The authors argue that treating AI as a neutral or automatically green technology is a strategic mistake. Energy demand should be considered an integral part of AI deployment decisions, not a secondary concern addressed once systems are scaled.
Winning the energy race requires coordination, not just automation
The role of AI in sustainable logistics is conditional rather than guaranteed. AI only becomes positive for energy and climate goals when deployed alongside coordinated energy strategies, organizational change and supportive policy frameworks.
One of the key requirements is the integration of AI systems with renewable energy sources. Data centers and logistics centers powered by solar, wind or other low-carbon energy can significantly reduce emissions associated with digital operations. The study highlights growing interest in co-locating data centers with renewable energy generation and using AI itself to balance energy loads based on supply availability.

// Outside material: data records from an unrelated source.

(* Everything is proved in the free algebra itself, up to equality of
   coefficients: no relation of the ideals is ever used, which is why the
   bilinearity of F and A and the alternation of A (needed only for rho_F,
   rho_F' and lambda_A to be defined on the quotients) do not enter.
   Interior products satisfy i_f e_x + e_x i_f = f(x) and anticommute, so
   lambda_B commutes with every i_f and turns e_x into e_x + i^B_x.  Hence
   lambda_A (e_x + i^F_x) = (e_x + i^(F+A)_x) lambda_A, and along the words of
   a this gives rho_(F+A)(a) lambda_A = lambda_A rho_F(a).  Applied to 1 with
   F := A, A := -A and a := u, it yields
   lambda_(-A) (lambda_A u) = Lambda_0(u)(1) = u. *)

Local Notation "u ≡ v" := (coef u =1 coef v) (at level 70).

Section FreeAlgebra.
Variables (K : fieldType) (V : lmodType K).
Local Notation fa := (fa V).
Local Notation fword := (@fword K V).
Implicit Types (u v : fa) (w z : seq V) (f : V -> K) (G : V -> V -> K).

Lemma coefE u z : coef u z = \sum_(m <- u) m.1 * (m.2 == z)%:R.
Proof. by apply: eq_bigr => m _; case: eqP; rewrite ?mulr1 ?mulr0. Qed.

Lemma coef_nil z : coef [::] z = 0.
Proof. exact: big_nil. Qed.

Lemma coef_cons m u z : coef (m :: u) z = m.1 * (m.2 == z)%:R + coef u z.
Proof. by rewrite !coefE big_cons. Qed.

Lemma coef_cat u v z : coef (u ++ v) z = coef u z + coef v z.
Proof. exact: big_cat. Qed.

Lemma coef_fscale c u z : coef (fscale c u) z = c * coef u z.
Proof. by rewrite !coefE big_map mulr_sumr; apply: eq_bigr => m _; rewrite mulrA. Qed.

Lemma coef_fword w z : coef (fword w) z = (w == z)%:R.
Proof. by rewrite coef_cons coef_nil mul1r addr0. Qed.

Lemma coef_ext x u z : coef (ext x u) z = \sum_(m <- u) m.1 * ((x :: m.2) == z)%:R.
Proof. by rewrite coefE big_map. Qed.

Lemma ext_cat x u v : ext x (u ++ v) = ext x u ++ ext x v.
Proof. exact: map_cat. Qed.

Lemma sum_coef_eq (g : seq V -> K) u v : u ≡ v ->
  \sum_(m <- u) m.1 * g m.2 = \sum_(m <- v) m.1 * g m.2.
Proof.
move=> uv; set S := undup [seq m.2 | m <- u ++ v].
have regroup t : {subset t <= u ++ v} ->
    \sum_(m <- t) m.1 * g m.2 = \sum_(w <- S) coef t w * g w.
  move=> tuv; under [RHS]eq_bigr => w _ do rewrite coefE big_distrl.
  rewrite exchange_big; apply: eq_big_seq => m mt /=.
  rewrite (bigD1_seq m.2) ?undup_uniq ?mem_undup ?map_f ?tuv //= eqxx mulr1.
  by rewrite big1 ?addr0 // => w /negbTE; rewrite eq_sym => ->; rewrite mulr0 mul0r.
rewrite !regroup; first by apply: eq_bigr => w _; rewrite uv.
all: by move=> m; rewrite mem_cat => ->; rewrite ?orbT.
Qed.

Definition linext (h : seq V -> fa) u : fa := flatten [seq fscale m.1 (h m.2) | m <- u].

Lemma big_linext (g : seq V -> K) h u :
  \sum_(n <- linext h u) n.1 * g n.2 = \sum_(m <- u) m.1 * \sum_(n <- h m.2) n.1 * g n.2.
Proof.
elim: u => [|m u IH]; first by rewrite !big_nil.
rewrite /linext /= big_cat -/(linext h u) IH big_cons big_map mulr_sumr.
by congr (_ + _); apply: eq_bigr => n _; rewrite mulrA.
Qed.

Lemma coef_linext h u z : coef (linext h u) z = \sum_(m <- u) m.1 * coef (h m.2) z.
Proof. by rewrite coefE (big_linext (fun w => (w == z)%:R)); under eq_bigr do rewrite -coefE. Qed.

Lemma eq_linext h g u : (forall w, h w ≡ g w) -> linext h u ≡ linext g u.
Proof. by move=> hg z; rewrite !coef_linext; apply: eq_bigr => m _; rewrite hg. Qed.

Lemma linext_coef_eq h u v : u ≡ v -> linext h u ≡ linext h v.
Proof. by move=> uv z; rewrite !coef_linext (sum_coef_eq (fun w => coef (h w) z) uv). Qed.

Lemma linext_fword h w : linext h (fword w) ≡ h w.
Proof. by move=> z; rewrite coef_linext big_seq1 mul1r. Qed.

Lemma linext_fscale h c u : linext h (fscale c u) ≡ fscale c (linext h u).
Proof.
move=> z; rewrite coef_fscale !coef_linext big_map mulr_sumr.
by apply: eq_bigr => m _; rewrite mulrA.
Qed.

Lemma linext_cat h u v : linext h (u ++ v) = linext h u ++ linext h v.
Proof. by rewrite /linext map_cat flatten_cat. Qed.

Lemma linext_ext h x u : linext h (ext x u) = linext (fun w => h (x :: w)) u.
Proof. by rewrite /linext /ext -map_comp. Qed.

Lemma linext_linext h g u : linext h (linext g u) ≡ linext (fun w => linext h (g w)) u.
Proof.
move=> z; rewrite coef_linext (big_linext (fun w => coef (h w) z)) coef_linext.
by apply: eq_bigr => m _; rewrite /= coef_linext.
Qed.

Definition linear_op (T : fa -> fa) := forall u, T u ≡ linext (fun w => T (fword w)) u.

Section LinearOp.
Variables T S : fa -> fa.
Hypotheses (lT : linear_op T) (lS : linear_op S).

Lemma linear_op_coef_eq u v : u ≡ v -> T u ≡ T v.
Proof. by move=> uv; apply: ftrans (lT u) _; apply: ftrans (linext_coef_eq _ uv) (fsym (lT v)). Qed.

Lemma linear_opD u v z : coef (T (u ++ v)) z = coef (T u) z + coef (T v) z.
Proof. by rewrite lT linext_cat coef_cat -!lT. Qed.

Lemma linear_opZ c u z : coef (T (fscale c u)) z = c * coef (T u) z.
Proof. by rewrite lT linext_fscale coef_fscale -lT. Qed.

Lemma linear_op_linext h u : T (linext h u) ≡ linext (fun w => T (h w)) u.
Proof.
apply: ftrans (lT _) _; apply: ftrans (linext_linext _ _ _) _.
by apply: eq_linext => w; apply: fsym (lT _).
Qed.

Lemma eq_linear_op u : (forall w, T (fword w) ≡ S (fword w)) -> T u ≡ S u.
Proof. by move=> TS; apply: ftrans (lT u) _; apply: ftrans _ (fsym (lS u)); apply: eq_linext. Qed.

Lemma linear_comp : linear_op (fun u => T (S u)).
Proof. by move=> u; apply: ftrans (linear_op_coef_eq (lS u)) _; apply: linear_op_linext. Qed.

Lemma linear_catop : linear_op (fun u => T u ++ S u).
Proof.
move=> u z; rewrite coef_cat lT lS !coef_linext -big_split.
by apply: eq_bigr => m _; rewrite /= coef_cat mulrDr.
Qed.

End LinearOp.

Lemma linear_id : linear_op id.
Proof. by move=> u z; rewrite coef_linext coefE; apply: eq_bigr => m _; rewrite coef_fword. Qed.

Lemma linear_linext h : linear_op (linext h).
Proof. by move=> u; apply: eq_linext => w; apply: fsym; apply: linext_fword. Qed.

Lemma linear_fscale c : linear_op (fscale c).
Proof.
move=> u z; rewrite coef_fscale coef_linext coefE mulr_sumr.
by apply: eq_bigr => m _; rewrite coef_fscale coef_fword mulrCA.
Qed.

Lemma linear_nil : linear_op (fun _ => [::]).
Proof. by move=> u z /=; rewrite coef_nil coef_linext big1 // => m _; rewrite coef_nil mulr0. Qed.

Lemma linear_ext x : linear_op (ext x).
Proof. by move=> u z; rewrite coef_ext coef_linext; apply: eq_bigr => m _; rewrite coef_fword. Qed.

Lemma insE f u : ins f u = linext (ins_word f) u.
Proof. by []. Qed.

Lemma LamE G a u : Lam G a u = linext (fun w => opword G w u) a.
Proof. by []. Qed.

Lemma lamE B u : lam B u = linext (fun w => opword B w (fword [::])) u.
Proof. by []. Qed.

Lemma linear_ins f : linear_op (ins f).
Proof. exact: linear_linext. Qed.

Lemma linear_lam B : linear_op (lam B).
Proof. exact: linear_linext. Qed.

Lemma linear_opv G x : linear_op (opv G x).
Proof. exact: linear_catop (linear_ext x) (linear_ins (G x)). Qed.

Lemma linear_opword G w : linear_op (opword G w).
Proof. by elim: w => [|x w IH]; [apply: linear_id | apply: linear_comp (linear_opv G x) IH]. Qed.

Lemma linear_Lam G a : linear_op (Lam G a).
Proof.
elim: a => [|m a IH]; first exact: linear_nil.
exact: linear_catop (linear_comp (linear_fscale m.1) (linear_opword G m.2)) IH.
Qed.

Lemma coef_ins_word_cons f y w z :
  coef (ins_word f (y :: w)) z = f y * (w == z)%:R - coef (ext y (ins_word f w)) z.
Proof.
rewrite [ins_word _ _]/= coef_cons coef_ext coefE big_map -sumrN.
by congr (_ + _); apply: eq_bigr => m _; rewrite mulNr.
Qed.

Lemma ins_ext f x u z :
  coef (ins f (ext x u)) z = f x * coef u z - coef (ext x (ins f u)) z.
Proof.
rewrite !insE linext_ext (linear_op_linext (linear_ext x)) (linear_id u z).
rewrite !coef_linext mulr_sumr -sumrB; apply: eq_bigr => m _.
by rewrite coef_ins_word_cons coef_fword; ring.
Qed.

Lemma ins_ext_coef_eq f x u :
  ins f (ext x u) ≡ fscale (f x) u ++ fscale (-1) (ext x (ins f u)).
Proof. by move=> z; rewrite ins_ext coef_cat !coef_fscale mulN1r. Qed.

Lemma ins_anticomm f g u z : coef (ins f (ins g u)) z = - coef (ins g (ins f u)) z.
Proof.
rewrite -mulN1r -coef_fscale; move: z.
apply: (eq_linear_op (linear_comp (linear_ins f) (linear_ins g))
          (linear_comp (linear_fscale _) (linear_comp (linear_ins g) (linear_ins f)))).
elim=> [|x w IH] z //; rewrite -[fword _]/(ext x (fword w)) coef_fscale.
rewrite !(linear_op_coef_eq (linear_ins _) (ins_ext_coef_eq _ x _) z).
rewrite !(linear_opD (linear_ins _)) !(linear_opZ (linear_ins _)) !ins_ext.
rewrite (linear_op_coef_eq (linear_ext x) IH z) (linear_opZ (linear_ext x)).
ring.
Qed.

Lemma ins_opv f G x u z :
  coef (ins f (opv G x u)) z = f x * coef u z - coef (opv G x (ins f u)) z.
Proof. by rewrite (linear_opD (linear_ins f)) ins_ext ins_anticomm !coef_cat; ring. Qed.

Lemma lam_ext B x u : lam B (ext x u) ≡ opv B x (lam B u).
Proof. by rewrite !lamE linext_ext; apply: fsym (linear_op_linext (linear_opv B x) _ _). Qed.

Lemma lam_ins B f u : lam B (ins f u) ≡ ins f (lam B u).
Proof.
apply: (eq_linear_op (linear_comp (linear_lam B) (linear_ins f))
          (linear_comp (linear_ins f) (linear_lam B))).
elim=> [|x w IH] z //; rewrite -[fword _]/(ext x (fword w)).
rewrite (linear_op_coef_eq (linear_lam B) (ins_ext_coef_eq f x _) z).
rewrite (linear_opD (linear_lam B)) !(linear_opZ (linear_lam B)) (lam_ext B x _ z).
rewrite (linear_op_coef_eq (linear_opv B x) IH z).
by rewrite (linear_op_coef_eq (linear_ins f) (lam_ext B x _) z) ins_opv; ring.
Qed.

Lemma ins_wordD h f g w : (forall y, h y = f y + g y) ->
  ins_word h w ≡ ins_word f w ++ ins_word g w.
Proof.
move=> hfg; elim: w => [|y w IH] z //; rewrite coef_cat !coef_ins_word_cons hfg.
by rewrite (linear_op_coef_eq (linear_ext y) IH z) ext_cat coef_cat; ring.
Qed.

Lemma insD h f g u z : (forall y, h y = f y + g y) ->
  coef (ins h u) z = coef (ins f u) z + coef (ins g u) z.
Proof.
move=> hfg; rewrite !insE !coef_linext -big_split; apply: eq_bigr => m _.
by rewrite (ins_wordD _ hfg) coef_cat mulrDr.
Qed.

Lemma ins0 f u z : (forall y, f y = 0) -> coef (ins f u) z = 0.
Proof.
move=> f0; have ff : coef (ins f u) z = coef (ins f u) z + coef (ins f u) z.
  by apply: insD => y; rewrite f0 addr0.
by apply: (@addrI _ (coef (ins f u) z)); rewrite addr0 -ff.
Qed.

Lemma opword0 w : opword (fun _ _ => 0) w (fword [::]) ≡ fword w.
Proof.
elim: w => [|x w IH] z //; rewrite [opword _ _ _]/= coef_cat ins0 // addr0.
exact: (linear_op_coef_eq (linear_ext x) IH z).
Qed.

Lemma Lam0_unit u : Lam (fun _ _ => 0) u (fword [::]) ≡ u.
Proof. by rewrite LamE; apply: ftrans (eq_linext _ opword0) (fsym (linear_id u)). Qed.

Lemma lam_unit B : lam B (fword [::]) ≡ fword [::].
Proof. by rewrite lamE; apply: linext_fword. Qed.

Lemma opword_lam G F A w u : (forall x y, G x y = F x y + A x y) ->
  opword G w (lam A u) ≡ lam A (opword F w u).
Proof.
move=> GFA; elim: w => [|x w IH] z //=; set v := opword F w u.
rewrite (linear_op_coef_eq (linear_opv G x) IH z) (linear_opD (linear_lam A)).
by rewrite (lam_ext A x v z) (lam_ins A (F x) v z) !coef_cat (insD _ _ (GFA x)); ring.
Qed.

Lemma Lam_lam G F A a u : (forall x y, G x y = F x y + A x y) ->
  Lam G a (lam A u) ≡ lam A (Lam F a u).
Proof.
move=> GFA; rewrite !LamE; apply: ftrans (eq_linext _ (fun w => opword_lam w u GFA)) _.
exact: fsym (linear_op_linext (linear_lam A) _ _).
Qed.

Lemma lamK A B u : (forall x y, A x y + B x y = 0) -> lam B (lam A u) ≡ u.
Proof.
move=> AB0; have := Lam_lam u (fword [::]) (fun x y => esym (AB0 x y)).
move=> /fsym /ftrans; apply.
exact: ftrans (linear_op_coef_eq (linear_Lam _ u) (lam_unit B)) (Lam0_unit u).
Qed.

Designing energy-efficient hardware and algorithms also plays a vital role. Optimizing models to reduce computational complexity, using specialized low-power chips, and prioritizing energy-aware software development can significantly reduce AI’s electrical footprint. The authors emphasize that efficiency at the algorithmic level is just as important as the efficiency of physical logistics operations.
Organizational factors also matter. Companies that view AI as a strategic capability rather than a standalone tool are more likely to align their digital investments with energy and sustainability goals. This includes reskilling workers to manage AI-based systems, redesigning processes to avoid rebound effects, and integrating energy metrics into performance evaluation.
Carbon pricing, energy efficiency standards, and incentives for renewable energy adoption determine whether AI-based logistics contributes to decarbonization or locks in higher emissions. The study suggests that fragmented policy approaches risk encouraging efficiency gains in one part of the system while allowing uncontrolled energy growth in another.
Transparency and measurement are equally important. Many companies track fuel savings from AI-powered transportation, but don’t account for the electricity consumed by the supporting digital infrastructure. Without a full life cycle assessment, sustainability claims remain incomplete and potentially misleading.